More on configuring SonarQube properties

Let's take a closer look at the block. As we have already seen in the examples, the property method allows you to set new properties or override existing ones. Furthermore, all properties that have been configured up to this point, including all properties preconfigured by Gradle, are available via the properties accessor.

Entries in the properties map can be read and written with the usual Groovy syntax. To facilitate their manipulation, values still have their “idiomatic” type (File, List, etc.). After the block has been evaluated, values are converted to Strings as follows: Collection values are (recursively) converted to comma-separated Strings, and all other values are converted by calling their toString methods.

Because the block is evaluated lazily, properties of Gradle's object model can be safely referenced from within the block, without having to fear that they have not yet been set.
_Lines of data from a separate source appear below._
(* Let $\mathcal T$ be a tangle of order $k$ in a connectivity system $(E,\lambda)$ and let $\mathcal S$ be a tree compatible set. Let $n\geq 3$, and let $\Phi=(P_1,\ldots, P_n)$ be an $\mathcal{S}$-tight $k$-flower in $\mathcal{T}$. Let $(R,G)$ be a $\Phi$-minimum $(k,\mathcal{S})$-separation that does not conform with $\Phi$. If $\Phi$ has one $(R,G)$-strong petal, then every petal of $\Phi$ is $(R,G)$-strong.
   Context: A connectivity system is a pair $(E,\lambda)$ with $E$ finite and $\lambda$ an integer-valued symmetric submodular function on subsets of $E$. $X$ is $k$-separating if $\lambda(X)\le k$; a $k$-separation is an unordered partition $(X,E-X)$ with $\lambda(X)\le k$. A tangle of order $k$ is a collection $\mathcal T$ of subsets of $E$ with (T1) $\lambda(A)<k$ for $A\in\mathcal T$; (T2) if $\lambda(A)\le k-1$ then $A$ or $E-A$ is in $\mathcal T$; (T3) $A\cup B\cup C\ne E$ for $A,B,C\in\mathcal T$; (T4) $E-\{e\}\notin\mathcal T$. A set is $\mathcal T$-weak if contained in a member of $\mathcal T$, otherwise $\mathcal T$-strong; partitions/$k$-separations are $\mathcal T$-strong if all parts are. A $\mathcal T$-strong $k$-separating $X$ is fully closed if $X\cup Y$ is not $k$-separating for every nonempty $\mathcal T$-weak $Y\subseteq E-X$; $\mathrm{fcl}_{\mathcal T}(X)$ is the intersection of all fully closed $k$-separating sets containing $X$. $\mathcal T$-strong $k$-separations $(X,Y),(X',Y')$ are $\mathcal T$-equivalent if $\{\mathrm{fcl}_{\mathcal T}(X),\mathrm{fcl}_{\mathcal T}(Y)\}=\{\mathrm{fcl}_{\mathcal T}(X'),\mathrm{fcl}_{\mathcal T}(Y')\}$. $X$ is $\mathcal T$-sequential if it is $k$-separating, $E-X$ is $\mathcal T$-strong and $\mathrm{fcl}_{\mathcal T}(E-X)=E$. Let $\mathcal S$ be a set of non-$\mathcal T$-sequential $k$-separating sets with $\mathcal T$-strong complements; a $(k,\mathcal S)$-separation is a $k$-separation $(X,E-X)$ with $X,E-X\in\mathcal S$. $\mathcal S$ is tree compatible if (S1) any $\mathcal T$-strong $k$-separation $\mathcal T$-equivalent to a $(k,\mathcal S)$-separation is a $(k,\mathcal S)$-separation, and (S2) if $X\in\mathcal S$ and $(Y,E-Y)$ is a $\mathcal T$-strong $k$-separation with $X\subseteq Y$ then $Y\in\mathcal S$. A $k$-flower in $\mathcal T$ is a $\mathcal T$-strong partition $(P_1,\dots,P_n)$ of $E$ with $P_i$ and $P_i\cup P_{i+1}$ $k$-separating for all $i$ (mod $n$); it displays $(X,E-X)$ if $X$ is a union of petals. $\Phi_1\preccurlyeq_{\mathcal S}\Phi_2$ if each $(k,\mathcal S)$-separation displayed by $\Phi_1$ is $\mathcal T$-equivalent to one displayed by $\Phi_2$; equivalence means both directions. $\Phi$ is $\mathcal S$-tight if it is not equivalent to a $k$-flower with fewer petals. A $\mathcal T$-strong $k$-separation $(R,G)$ conforms with $\Phi$ if it is $\mathcal T$-equivalent to a $k$-separation displayed by $\Phi$ or to a $k$-separation $(R',G')$ with $R'$ or $G'$ contained in a petal. $(R,G)$ crosses a set $P$ if $P\cap R$ and $P\cap G$ are both nonempty; it strongly crosses $P$ if both are $\mathcal T$-strong, and weakly crosses $P$ if both are $\mathcal T$-weak. A $\mathcal T$-strong $k$-separation is $\Phi$-minimum if, among all $k$-separations $\mathcal T$-equivalent to it, it crosses the minimum number of petals of $\Phi$. A petal is $(R,G)$-strong if it is not crossed or is strongly crossed by $(R,G)$, and $(R,G)$-weak if it is weakly crossed. *)

From mathcomp Require Import all_boot all_order all_algebra.
Set Implicit Arguments. Unset Strict Implicit. Unset Printing Implicit Defensive.
Import Order.TTheory GRing.Theory Num.Theory.
Local Open Scope ring_scope.
(* the matrix recursion Y(k+1) = A Y(k) + P Y(k) T, T lower triangular, is a
   cascade of column recursions driven by the later columns; it is stable when
   every A + T_jj P is *)
Lemma trig_cascade n m (A P : 'M[F]_n) (T : 'M[F]_m) (Y : nat -> 'M[F]_(n, m)) :
  is_trig_mx T -> (forall j, schur_stable (A + T j j *: P)) ->
  (forall k, Y k.+1 = A *m Y k + P *m Y k *m T) -> mx_tends_to_0 Y.
Proof.
move=> T_trig stable rec.
have col_rec c k : col c (Y k.+1) = (A + T c c *: P) *m col c (Y k)
    + P *m \sum_(l : 'I_m | (c < l)%N) T l c *: col l (Y k).
  rewrite rec linearD /= col_mull -mulmxA col_mull col_mul_trig //.
  by rewrite !mulmxDr mulmxDl addrA -scalemxAl -scalemxAr.
have col_null d (c : 'I_m) : (m - c <= d)%N -> mx_tends_to_0 (fun k => col c (Y k)).
  elim: d c => [|d IH] c c_le; first by move: c_le; rewrite leqn0 subn_eq0 leqNgt ltn_ord.
  apply: (stable_input (stable c) (col_rec c)); apply: mx_tends_to_0_mull => a b.
  apply: tends_to_0_ext (tends_to_0_sum (index_enum _) (P := fun l : 'I_m => (c < l)%N)
    (a := fun l k => T l c * col l (Y k) a b) _) => [k|l c_lt_l].
    by rewrite summxE; apply: eq_bigr => l _; rewrite !mxE.
  apply/tends_to_0_scale/IH.
  by rewrite -ltnS (leq_trans _ c_le) // ltn_sub2l.
by apply: mx_tends_to_0_cols => c; apply: (col_null m); apply: leq_subr.
Qed.

Lemma sylvester_cascade n m (A P : 'M[F]_n) (J : 'M[F]_m) (Y : nat -> 'M[F]_(n, m)) :
  (forall mu, eigenvalue J mu -> schur_stable (A + mu *: P)) ->
  (forall k, Y k.+1 = A *m Y k + P *m Y k *m J) -> mx_tends_to_0 Y.
Proof.
case: m J Y => [|m] J Y stable rec; first by move=> a [].
have [Q Q_unitary T_trig] := Schur J (ltn0Sn m).
have Q_unit : Q \in unitmx by apply: unitarymx_unit.
suff hYQ : mx_tends_to_0 (fun k => Y k *m invmx Q).
  by apply: mx_tends_to_0_ext (mx_tends_to_0_mulr Q hYQ) => k; rewrite mulmxKV.
apply: (trig_cascade T_trig) => [j|k]; first exact/stable/trig_diag_eigenvalue.
by rewrite rec conjumx // mulmxDl -!mulmxA mulKmx.
Qed.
If you get a java.lang.OutOfMemoryError: Metaspace

Increase the metaspace size in your file:

org.gradle.jvmargs=-XX:MetaspaceSize=512M -XX:MaxMetaspaceSize=512M

Task not found in root project

Sometimes Gradle has a difficult time seeing arguments as arguments and instead sees them as tasks to perform. When passing commands on Windows, this can be overcome by passing the parameters inside of quotation marks; use -D “key=value” instead.

For example, the argument -D sonar.projectKey=<your-project> should be passed as -D "sonar.projectKey=<your-project>"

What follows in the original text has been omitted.